Вечерняя тишина в доме Каглицких нарушалась только монотонным тиканьем старых часов на кухонной стене и негромким шорохом фотографий, которые Лидия бесцельно перебирала, сидя за столом. Свет единственной лампы под выцветшим абажуром создавал вокруг островок желтоватого света, за пределами которого кухня тонула в сумраке. Пальцы Лидии, с коротко остриженными ногтями и огрубевшей от домашней работы кожей, методично двигались от одного снимка к другому – лица родственников, семейные праздники, детские дни рождения – всё то, от чего Алевтина старательно отгораживалась все эти годы.
Варя появилась в дверном проёме бесшумно, как тень. Младшая сестра остановилась на пороге кухни, наблюдая за Лидией, которая, казалось, не заметила присутствия. В этот момент старшая сестра выглядела старше своих двадцати трёх – глубокая морщинка между бровей, плотно сжатые губы, напряжённая линия плеч. Свет лампы подчёркивал эту напряжённость, превращая обычную домашнюю сцену в нечто тревожное, почти зловещее.
– Опять старые фотки смотришь? – негромко спросила Варя, делая шаг в кухню.
Лидия вздрогнула и подняла голову. На мгновение в глазах мелькнуло что-то похожее на страх, но она тут же овладела собой.
– Искала кое-что, – ответила девушка, собирая фотографии в стопку. – Не спится?
Варя подошла к столу и опустилась на стул напротив сестры. В движениях сохранялась подростковая угловатость, неловкость тела, ещё не до конца осознавшего свои пределы.
– Не могу заснуть, – призналась младшая, потянувшись к чашке с недопитым чаем перед Лидией. – Слишком много всего происходит.
Варя отпила глоток уже остывшего чая и поморщилась. В наступившей тишине отчётливо слышалось, как где-то на втором этаже скрипнула половица – Алевтина ходила по своей комнате, словно запертый зверь по клетке.

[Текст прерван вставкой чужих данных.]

Lemma degLSP x : degLS_spec x (degLS x).
Proof.
rewrite /degLS; case: pselect => [ex|nex]; last first.
  by constructor=> i; case: (eqVneq (x.2 i) 0) => // xi; case: nex; exists i.
case: ex_minnP => m xm m_min; constructor => // i lt_im.
by case: (eqVneq (x.2 i) 0) => // /m_min; rewrite leqNgt lt_im.
Qed.

Lemma degLS_reprE x m : x.2 m != 0 -> (forall i, (i < m)%N -> x.2 i = 0) ->
  degLS x = Some (x.1 - m%:Z).
Proof.
move=> xm low; case: degLSP => [x0|m' xm' low']; first by rewrite x0 eqxx in xm.
have [lt_mm'|lt_m'm|->//] := ltngtP m m'.
  by rewrite low' ?eqxx in xm.
by rewrite low ?eqxx in xm'.
Qed.

Lemma degLS_None x : (forall i, x.2 i = 0) -> degLS x = None.
Proof. by case: degLSP => // m xm _ x0; rewrite x0 eqxx in xm. Qed.

Lemma degLS_Some_lcoef x v : degLS x = Some v ->
  lcoef x v != 0 /\ forall n, v < n -> lcoef x n = 0.
Proof.
case: degLSP => // m xm low [<-]; split; first by rewrite -lcoef_repr.
by move=> n lt_n; rewrite /lcoef; case: ifP => // le_n; rewrite low //; lia.
Qed.

Lemma degLS_None_lcoef x : degLS x = None -> forall n, lcoef x n = 0.
Proof. by case: degLSP => // x0 _ n; rewrite /lcoef x0; case: ifP. Qed.
(* First-order optimality: perturbing [c] along [e := c M - l c] changes the
   quotient at rate [-2 |e|^2], which must vanish at a maximum. *)
Lemma rayleigh_max_eigenvector M c : M^T = M -> sqnorm c = 1 ->
  (forall u, bform M u u <= bform M c c * sqnorm u) ->
  c *m M = bform M c c *: c.
Proof.
move=> sM c1 cmax; set l := bform M c c.
have [e eE] : {e | c *m M = e + l *: c} by exists (c *m M - l *: c); rewrite subrK.
have eM : bform M c e = sqnorm e + l * bform 1%:M c e.
  by rewrite bform_mulmx eE bformDl bformZl bformC ?trmx1.
suff /eqP : sqnorm e = 0 by rewrite sqnorm_eq0 eE => /eqP->; rewrite add0r.
apply: (@linear_coef_eq0 _ (l * sqnorm e - bform M e e)) => t.
have := cmax (c + t *: e).
rewrite !(bformDl, bformDr, bformZl, bformZr) (bformC e c sM) (bformC e c (trmx1 _ _)).
rewrite -/l c1 eM; lra.
Qed.

Lemma bform_le_spectral_radius M rho : M^T = M ->
  (forall a, eigenvalue M a -> `|a| <= rho) ->
  forall v, bform M v v <= rho * sqnorm v.
Proof.
move=> sM eig_le v; have [->|v0] := eqVneq v 0; first by rewrite !bform0 mulr0.
have [c c1 cmax] := exists_rayleigh_max M (ex_intro _ v v0).
have eig_c : eigenvalue M (bform M c c).
  apply/eigenvalueP; exists c; first by apply/eqP; rewrite rayleigh_max_eigenvector.
  by rewrite -sqnorm_eq0 c1 oner_eq0.
apply: le_trans (cmax v) _; rewrite ler_wpM2r ?sqnorm_ge0 //.
exact: le_trans (ler_norm _) (eig_le _ eig_c).
Qed.

End BilinearForm.

Section UniformDraws.
Variables (R : realType) (P m : nat).
Local Notation draws := {ffun 'I_P -> 'I_m}.

Lemma natr_exp_prod : m%:R ^+ P = \prod_(i < P) (m%:R : R).
Proof. by rewrite prodr_const card_ord. Qed.

Lemma sum_ffun_eval (p : 'I_P) (h : 'I_m -> R) :
  m%:R * \sum_(s : draws) h (s p) = m%:R ^+ P * \sum_j h j.
Proof.
pose F i j := if i == p then h j else 1.
have -> : \sum_(s : draws) h (s p) = \sum_(s : draws) \prod_i F i (s i).
  apply: eq_bigr => s _; rewrite (bigD1 p) //= big1 ?mulr1 => [|i /negbTE ip].
    by rewrite /F eqxx.
  by rewrite /F ip.
rewrite -bigA_distr_bigA natr_exp_prod (bigD1 p) //= [in RHS](bigD1 p) //=.
have -> : \prod_(i | i != p) \sum_j F i j = \prod_(i | i != p) (m%:R : R).
  by apply: eq_bigr => i /negbTE ip; rewrite /F ip sumr_const card_ord.
rewrite /F eqxx; ring.
Qed.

– Лида, – Варя поставила чашку и наклонилась ближе, понизив голос, хотя их никто не мог услышать, – зачем ты всё это затеяла? Эту… свадьбу? Втянула Алю, нас всех?
Лидия вздрогнула, как от удара, и взяла со стола чайную ложку. Пальцы сжались вокруг серебряной ручки так, что костяшки побелели.
– Не понимаю, о чём ты, – сказала старшая сестра, старательно глядя мимо Вари.
– Брось, – Варя подалась вперёд. – Я же видела, как ты звонила ей в Москву. Слышала твой разговор с Тучковым на прошлой неделе. Это ты предложила Алю в качестве… невесты.
Лидия начала постукивать ложкой по краю стола – размеренно, с одинаковыми интервалами между ударами. Звук получался приглушённый, но отчётливый, словно отсчитывающий время.
– Иначе нельзя, Варюша, – наконец произнесла Лидия, и в голосе смешались напряжение и какая-то обречённая уверенность. – Это долг, традиция. Ты не понимаешь, какая сила у рода Длиннопёровых.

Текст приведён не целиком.